From the listing below, copy only the lines running from the line that contains "(* Let $(\mathbb" to the line that contains "(a0 * b2 - a1 * b3 + a2 * b0 + a3 * b1)", both included.
-------- Source material
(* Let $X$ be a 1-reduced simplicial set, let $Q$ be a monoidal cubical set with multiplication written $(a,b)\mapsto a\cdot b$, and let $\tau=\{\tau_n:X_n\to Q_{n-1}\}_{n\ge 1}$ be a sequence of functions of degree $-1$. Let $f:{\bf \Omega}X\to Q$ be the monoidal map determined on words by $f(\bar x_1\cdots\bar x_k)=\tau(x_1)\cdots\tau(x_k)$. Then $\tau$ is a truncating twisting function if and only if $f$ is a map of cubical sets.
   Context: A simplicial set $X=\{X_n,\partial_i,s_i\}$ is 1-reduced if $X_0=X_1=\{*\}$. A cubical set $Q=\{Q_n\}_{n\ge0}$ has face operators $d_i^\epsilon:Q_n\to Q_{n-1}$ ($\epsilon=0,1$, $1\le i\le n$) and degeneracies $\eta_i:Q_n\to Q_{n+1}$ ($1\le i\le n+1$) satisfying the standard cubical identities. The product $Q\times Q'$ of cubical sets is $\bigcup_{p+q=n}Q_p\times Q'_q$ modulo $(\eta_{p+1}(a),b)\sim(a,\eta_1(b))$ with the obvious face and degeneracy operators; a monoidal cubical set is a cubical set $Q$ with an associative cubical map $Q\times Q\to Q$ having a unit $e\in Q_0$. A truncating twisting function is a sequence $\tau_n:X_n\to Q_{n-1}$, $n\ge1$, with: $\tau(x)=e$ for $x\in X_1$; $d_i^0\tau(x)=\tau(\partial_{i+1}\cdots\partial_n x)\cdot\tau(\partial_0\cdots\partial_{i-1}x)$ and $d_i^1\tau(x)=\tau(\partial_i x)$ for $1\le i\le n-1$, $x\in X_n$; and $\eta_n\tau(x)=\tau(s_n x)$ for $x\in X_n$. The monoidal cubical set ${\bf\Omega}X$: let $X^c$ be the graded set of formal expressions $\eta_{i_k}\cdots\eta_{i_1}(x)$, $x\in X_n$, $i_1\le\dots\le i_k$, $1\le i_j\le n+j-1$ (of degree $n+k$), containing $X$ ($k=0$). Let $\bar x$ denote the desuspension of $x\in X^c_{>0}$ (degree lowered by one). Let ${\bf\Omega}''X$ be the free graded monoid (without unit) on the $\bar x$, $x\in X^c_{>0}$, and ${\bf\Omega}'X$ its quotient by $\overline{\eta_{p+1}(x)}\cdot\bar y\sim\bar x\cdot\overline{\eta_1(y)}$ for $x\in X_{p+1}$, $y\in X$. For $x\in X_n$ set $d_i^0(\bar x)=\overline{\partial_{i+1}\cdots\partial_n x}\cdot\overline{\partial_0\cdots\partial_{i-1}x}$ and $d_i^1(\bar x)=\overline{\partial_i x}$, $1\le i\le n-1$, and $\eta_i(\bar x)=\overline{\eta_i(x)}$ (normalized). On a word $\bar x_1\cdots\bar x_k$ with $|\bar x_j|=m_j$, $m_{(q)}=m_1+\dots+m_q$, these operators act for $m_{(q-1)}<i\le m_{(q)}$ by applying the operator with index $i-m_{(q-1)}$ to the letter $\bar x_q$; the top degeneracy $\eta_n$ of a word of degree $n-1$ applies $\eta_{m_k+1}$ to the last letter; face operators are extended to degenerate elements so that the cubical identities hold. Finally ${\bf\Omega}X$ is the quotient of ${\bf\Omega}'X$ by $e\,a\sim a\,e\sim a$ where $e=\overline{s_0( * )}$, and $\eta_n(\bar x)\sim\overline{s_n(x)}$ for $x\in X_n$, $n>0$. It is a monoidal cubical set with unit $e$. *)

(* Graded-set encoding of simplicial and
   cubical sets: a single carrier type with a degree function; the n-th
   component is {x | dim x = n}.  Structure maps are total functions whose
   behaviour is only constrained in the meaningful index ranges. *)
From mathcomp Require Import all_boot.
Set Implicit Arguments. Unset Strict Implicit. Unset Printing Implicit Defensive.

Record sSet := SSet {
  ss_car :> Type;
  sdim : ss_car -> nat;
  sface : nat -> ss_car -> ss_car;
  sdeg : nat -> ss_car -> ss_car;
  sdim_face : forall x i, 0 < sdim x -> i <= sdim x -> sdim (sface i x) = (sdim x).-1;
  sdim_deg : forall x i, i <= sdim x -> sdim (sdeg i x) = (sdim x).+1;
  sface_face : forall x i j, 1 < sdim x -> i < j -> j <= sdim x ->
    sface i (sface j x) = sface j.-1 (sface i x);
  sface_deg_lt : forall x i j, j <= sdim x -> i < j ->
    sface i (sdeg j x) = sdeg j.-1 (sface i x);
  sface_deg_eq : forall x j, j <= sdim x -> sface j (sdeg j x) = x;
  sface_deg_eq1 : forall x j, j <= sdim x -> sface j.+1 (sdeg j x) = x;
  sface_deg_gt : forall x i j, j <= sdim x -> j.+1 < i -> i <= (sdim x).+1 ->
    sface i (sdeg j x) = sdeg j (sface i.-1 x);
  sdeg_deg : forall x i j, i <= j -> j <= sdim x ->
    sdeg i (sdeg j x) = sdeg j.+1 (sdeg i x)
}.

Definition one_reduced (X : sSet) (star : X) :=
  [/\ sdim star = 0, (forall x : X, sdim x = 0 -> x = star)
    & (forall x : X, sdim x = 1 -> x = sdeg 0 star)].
----------------
-------- Source material
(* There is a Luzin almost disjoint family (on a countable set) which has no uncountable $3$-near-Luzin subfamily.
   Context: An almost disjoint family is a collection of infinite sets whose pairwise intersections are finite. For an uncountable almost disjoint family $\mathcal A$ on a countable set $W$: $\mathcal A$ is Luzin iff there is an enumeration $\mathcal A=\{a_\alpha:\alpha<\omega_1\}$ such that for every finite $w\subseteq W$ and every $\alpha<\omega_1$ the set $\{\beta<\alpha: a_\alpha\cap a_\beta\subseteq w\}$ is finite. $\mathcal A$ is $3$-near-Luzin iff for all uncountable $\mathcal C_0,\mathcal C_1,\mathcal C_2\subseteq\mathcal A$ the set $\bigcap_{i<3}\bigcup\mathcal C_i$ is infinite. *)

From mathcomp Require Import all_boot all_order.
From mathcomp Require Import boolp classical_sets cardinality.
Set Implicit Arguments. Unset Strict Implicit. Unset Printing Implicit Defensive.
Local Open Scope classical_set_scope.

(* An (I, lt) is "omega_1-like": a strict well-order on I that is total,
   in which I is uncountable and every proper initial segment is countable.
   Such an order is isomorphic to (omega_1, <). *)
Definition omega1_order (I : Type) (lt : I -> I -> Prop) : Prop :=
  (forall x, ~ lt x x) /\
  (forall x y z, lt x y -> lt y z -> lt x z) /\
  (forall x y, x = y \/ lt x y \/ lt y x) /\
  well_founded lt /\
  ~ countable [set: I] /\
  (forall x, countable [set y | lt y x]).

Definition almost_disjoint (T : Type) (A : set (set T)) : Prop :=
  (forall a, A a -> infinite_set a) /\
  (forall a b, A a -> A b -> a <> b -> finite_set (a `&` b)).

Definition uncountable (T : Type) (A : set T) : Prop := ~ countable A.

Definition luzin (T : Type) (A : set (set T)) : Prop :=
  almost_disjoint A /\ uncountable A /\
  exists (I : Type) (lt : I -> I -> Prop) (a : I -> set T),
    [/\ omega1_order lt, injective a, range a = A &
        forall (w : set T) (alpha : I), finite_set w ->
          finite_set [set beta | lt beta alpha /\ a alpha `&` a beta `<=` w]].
----------------
-------- Source material
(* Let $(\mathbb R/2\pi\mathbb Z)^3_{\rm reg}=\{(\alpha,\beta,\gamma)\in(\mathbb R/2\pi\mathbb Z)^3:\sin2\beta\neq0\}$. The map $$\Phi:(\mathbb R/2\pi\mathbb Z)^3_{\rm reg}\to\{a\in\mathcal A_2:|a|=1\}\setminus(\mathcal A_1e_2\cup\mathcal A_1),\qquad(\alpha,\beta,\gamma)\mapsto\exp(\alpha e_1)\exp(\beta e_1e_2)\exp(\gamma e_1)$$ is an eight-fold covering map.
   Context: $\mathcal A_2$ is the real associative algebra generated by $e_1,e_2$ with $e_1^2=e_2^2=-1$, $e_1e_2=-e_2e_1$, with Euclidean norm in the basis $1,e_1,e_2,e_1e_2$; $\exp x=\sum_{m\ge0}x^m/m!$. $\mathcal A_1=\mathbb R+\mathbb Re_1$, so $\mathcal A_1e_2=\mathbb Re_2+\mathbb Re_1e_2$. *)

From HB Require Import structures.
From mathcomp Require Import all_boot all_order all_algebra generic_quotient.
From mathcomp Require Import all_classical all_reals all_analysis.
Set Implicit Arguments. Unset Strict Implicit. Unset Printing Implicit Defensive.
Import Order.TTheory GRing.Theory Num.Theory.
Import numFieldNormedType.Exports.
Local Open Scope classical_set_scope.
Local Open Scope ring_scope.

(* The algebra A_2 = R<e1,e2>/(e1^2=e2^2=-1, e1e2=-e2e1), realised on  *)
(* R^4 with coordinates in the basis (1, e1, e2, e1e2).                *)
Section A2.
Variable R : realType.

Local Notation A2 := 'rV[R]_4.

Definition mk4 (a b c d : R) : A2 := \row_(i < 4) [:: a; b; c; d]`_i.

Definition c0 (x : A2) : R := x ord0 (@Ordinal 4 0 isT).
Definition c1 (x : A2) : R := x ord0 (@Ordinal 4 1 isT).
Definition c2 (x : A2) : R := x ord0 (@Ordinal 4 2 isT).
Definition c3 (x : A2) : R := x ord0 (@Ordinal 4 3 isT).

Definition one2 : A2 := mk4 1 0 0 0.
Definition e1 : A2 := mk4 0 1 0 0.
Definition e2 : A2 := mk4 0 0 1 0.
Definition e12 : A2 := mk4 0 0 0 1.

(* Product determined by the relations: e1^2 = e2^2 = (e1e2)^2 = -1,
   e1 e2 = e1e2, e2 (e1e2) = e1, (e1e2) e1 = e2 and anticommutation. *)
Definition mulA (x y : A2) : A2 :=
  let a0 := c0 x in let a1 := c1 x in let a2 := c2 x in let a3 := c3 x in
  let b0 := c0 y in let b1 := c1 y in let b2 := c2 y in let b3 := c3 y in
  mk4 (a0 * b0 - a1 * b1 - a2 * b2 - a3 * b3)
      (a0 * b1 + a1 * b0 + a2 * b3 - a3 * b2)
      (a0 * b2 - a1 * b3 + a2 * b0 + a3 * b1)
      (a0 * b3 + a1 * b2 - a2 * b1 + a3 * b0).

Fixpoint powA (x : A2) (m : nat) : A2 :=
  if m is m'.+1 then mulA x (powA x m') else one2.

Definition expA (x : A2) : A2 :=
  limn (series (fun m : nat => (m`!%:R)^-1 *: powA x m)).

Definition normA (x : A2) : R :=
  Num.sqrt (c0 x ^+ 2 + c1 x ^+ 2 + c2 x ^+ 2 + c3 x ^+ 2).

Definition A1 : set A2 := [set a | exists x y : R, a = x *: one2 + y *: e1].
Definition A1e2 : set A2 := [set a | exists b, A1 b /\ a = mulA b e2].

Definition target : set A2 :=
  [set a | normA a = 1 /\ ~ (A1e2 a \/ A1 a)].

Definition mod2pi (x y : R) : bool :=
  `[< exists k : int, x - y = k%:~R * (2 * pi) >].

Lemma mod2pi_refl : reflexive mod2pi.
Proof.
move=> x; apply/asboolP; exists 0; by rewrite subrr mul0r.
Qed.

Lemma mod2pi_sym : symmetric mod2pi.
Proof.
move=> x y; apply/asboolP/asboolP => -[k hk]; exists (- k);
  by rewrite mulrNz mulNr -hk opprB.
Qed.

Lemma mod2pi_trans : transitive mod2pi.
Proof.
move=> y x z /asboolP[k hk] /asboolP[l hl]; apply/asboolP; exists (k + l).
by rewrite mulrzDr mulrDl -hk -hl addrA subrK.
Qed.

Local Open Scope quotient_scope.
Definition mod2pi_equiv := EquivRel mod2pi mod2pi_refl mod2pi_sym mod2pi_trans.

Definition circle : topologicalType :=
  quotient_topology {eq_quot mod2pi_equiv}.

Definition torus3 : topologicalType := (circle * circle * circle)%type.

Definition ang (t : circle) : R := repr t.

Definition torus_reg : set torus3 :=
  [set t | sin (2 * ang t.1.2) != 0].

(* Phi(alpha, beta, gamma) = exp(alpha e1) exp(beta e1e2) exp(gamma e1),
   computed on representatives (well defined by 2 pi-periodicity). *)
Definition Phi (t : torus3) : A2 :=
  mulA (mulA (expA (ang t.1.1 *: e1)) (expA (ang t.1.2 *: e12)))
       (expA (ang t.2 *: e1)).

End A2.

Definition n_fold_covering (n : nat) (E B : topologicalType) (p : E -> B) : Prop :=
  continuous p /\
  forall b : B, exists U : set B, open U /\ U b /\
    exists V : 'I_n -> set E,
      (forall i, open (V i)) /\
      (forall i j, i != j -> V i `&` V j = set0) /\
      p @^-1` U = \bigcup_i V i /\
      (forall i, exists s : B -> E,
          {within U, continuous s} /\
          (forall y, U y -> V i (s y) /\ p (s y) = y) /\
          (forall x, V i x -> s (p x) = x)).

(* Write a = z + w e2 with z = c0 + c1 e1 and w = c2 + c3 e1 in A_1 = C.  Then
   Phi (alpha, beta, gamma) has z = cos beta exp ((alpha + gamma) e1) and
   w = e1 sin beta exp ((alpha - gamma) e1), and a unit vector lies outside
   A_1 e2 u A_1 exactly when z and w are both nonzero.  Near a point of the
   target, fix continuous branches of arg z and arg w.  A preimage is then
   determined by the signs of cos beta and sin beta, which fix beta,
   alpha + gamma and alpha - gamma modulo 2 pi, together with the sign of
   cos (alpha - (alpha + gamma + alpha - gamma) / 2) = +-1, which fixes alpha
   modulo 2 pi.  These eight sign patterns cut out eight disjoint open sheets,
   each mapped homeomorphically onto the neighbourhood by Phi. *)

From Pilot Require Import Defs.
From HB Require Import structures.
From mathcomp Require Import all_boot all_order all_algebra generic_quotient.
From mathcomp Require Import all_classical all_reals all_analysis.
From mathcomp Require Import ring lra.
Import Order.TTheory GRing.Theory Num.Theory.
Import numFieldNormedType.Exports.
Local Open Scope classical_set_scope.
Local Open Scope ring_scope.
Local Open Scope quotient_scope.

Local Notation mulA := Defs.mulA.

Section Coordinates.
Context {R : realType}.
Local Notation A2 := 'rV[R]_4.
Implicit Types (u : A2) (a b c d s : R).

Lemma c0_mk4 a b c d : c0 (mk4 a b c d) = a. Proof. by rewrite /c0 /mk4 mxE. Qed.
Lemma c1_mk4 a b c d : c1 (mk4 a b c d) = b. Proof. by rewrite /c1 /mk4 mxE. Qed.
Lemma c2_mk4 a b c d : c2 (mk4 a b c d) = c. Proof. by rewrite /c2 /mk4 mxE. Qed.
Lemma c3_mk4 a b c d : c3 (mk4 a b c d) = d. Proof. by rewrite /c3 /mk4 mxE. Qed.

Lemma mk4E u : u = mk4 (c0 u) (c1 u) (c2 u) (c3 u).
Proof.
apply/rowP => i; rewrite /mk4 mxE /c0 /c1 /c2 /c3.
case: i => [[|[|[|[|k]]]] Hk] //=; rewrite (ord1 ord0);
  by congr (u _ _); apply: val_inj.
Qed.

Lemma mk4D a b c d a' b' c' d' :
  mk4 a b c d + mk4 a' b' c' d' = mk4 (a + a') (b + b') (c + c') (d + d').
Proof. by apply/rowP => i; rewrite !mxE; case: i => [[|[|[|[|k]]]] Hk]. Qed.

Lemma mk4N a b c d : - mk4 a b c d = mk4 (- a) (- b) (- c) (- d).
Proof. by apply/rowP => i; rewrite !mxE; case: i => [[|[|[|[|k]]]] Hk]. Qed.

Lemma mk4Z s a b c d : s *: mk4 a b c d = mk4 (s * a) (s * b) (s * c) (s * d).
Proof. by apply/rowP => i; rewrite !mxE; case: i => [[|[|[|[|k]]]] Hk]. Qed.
----------------
* _Result_:
(* Let $(\mathbb R/2\pi\mathbb Z)^3_{\rm reg}=\{(\alpha,\beta,\gamma)\in(\mathbb R/2\pi\mathbb Z)^3:\sin2\beta\neq0\}$. The map $$\Phi:(\mathbb R/2\pi\mathbb Z)^3_{\rm reg}\to\{a\in\mathcal A_2:|a|=1\}\setminus(\mathcal A_1e_2\cup\mathcal A_1),\qquad(\alpha,\beta,\gamma)\mapsto\exp(\alpha e_1)\exp(\beta e_1e_2)\exp(\gamma e_1)$$ is an eight-fold covering map.
   Context: $\mathcal A_2$ is the real associative algebra generated by $e_1,e_2$ with $e_1^2=e_2^2=-1$, $e_1e_2=-e_2e_1$, with Euclidean norm in the basis $1,e_1,e_2,e_1e_2$; $\exp x=\sum_{m\ge0}x^m/m!$. $\mathcal A_1=\mathbb R+\mathbb Re_1$, so $\mathcal A_1e_2=\mathbb Re_2+\mathbb Re_1e_2$. *)

From HB Require Import structures.
From mathcomp Require Import all_boot all_order all_algebra generic_quotient.
From mathcomp Require Import all_classical all_reals all_analysis.
Set Implicit Arguments. Unset Strict Implicit. Unset Printing Implicit Defensive.
Import Order.TTheory GRing.Theory Num.Theory.
Import numFieldNormedType.Exports.
Local Open Scope classical_set_scope.
Local Open Scope ring_scope.

(* The algebra A_2 = R<e1,e2>/(e1^2=e2^2=-1, e1e2=-e2e1), realised on  *)
(* R^4 with coordinates in the basis (1, e1, e2, e1e2).                *)
Section A2.
Variable R : realType.

Local Notation A2 := 'rV[R]_4.

Definition mk4 (a b c d : R) : A2 := \row_(i < 4) [:: a; b; c; d]`_i.

Definition c0 (x : A2) : R := x ord0 (@Ordinal 4 0 isT).
Definition c1 (x : A2) : R := x ord0 (@Ordinal 4 1 isT).
Definition c2 (x : A2) : R := x ord0 (@Ordinal 4 2 isT).
Definition c3 (x : A2) : R := x ord0 (@Ordinal 4 3 isT).

Definition one2 : A2 := mk4 1 0 0 0.
Definition e1 : A2 := mk4 0 1 0 0.
Definition e2 : A2 := mk4 0 0 1 0.
Definition e12 : A2 := mk4 0 0 0 1.

(* Product determined by the relations: e1^2 = e2^2 = (e1e2)^2 = -1,
   e1 e2 = e1e2, e2 (e1e2) = e1, (e1e2) e1 = e2 and anticommutation. *)
Definition mulA (x y : A2) : A2 :=
  let a0 := c0 x in let a1 := c1 x in let a2 := c2 x in let a3 := c3 x in
  let b0 := c0 y in let b1 := c1 y in let b2 := c2 y in let b3 := c3 y in
  mk4 (a0 * b0 - a1 * b1 - a2 * b2 - a3 * b3)
      (a0 * b1 + a1 * b0 + a2 * b3 - a3 * b2)
      (a0 * b2 - a1 * b3 + a2 * b0 + a3 * b1)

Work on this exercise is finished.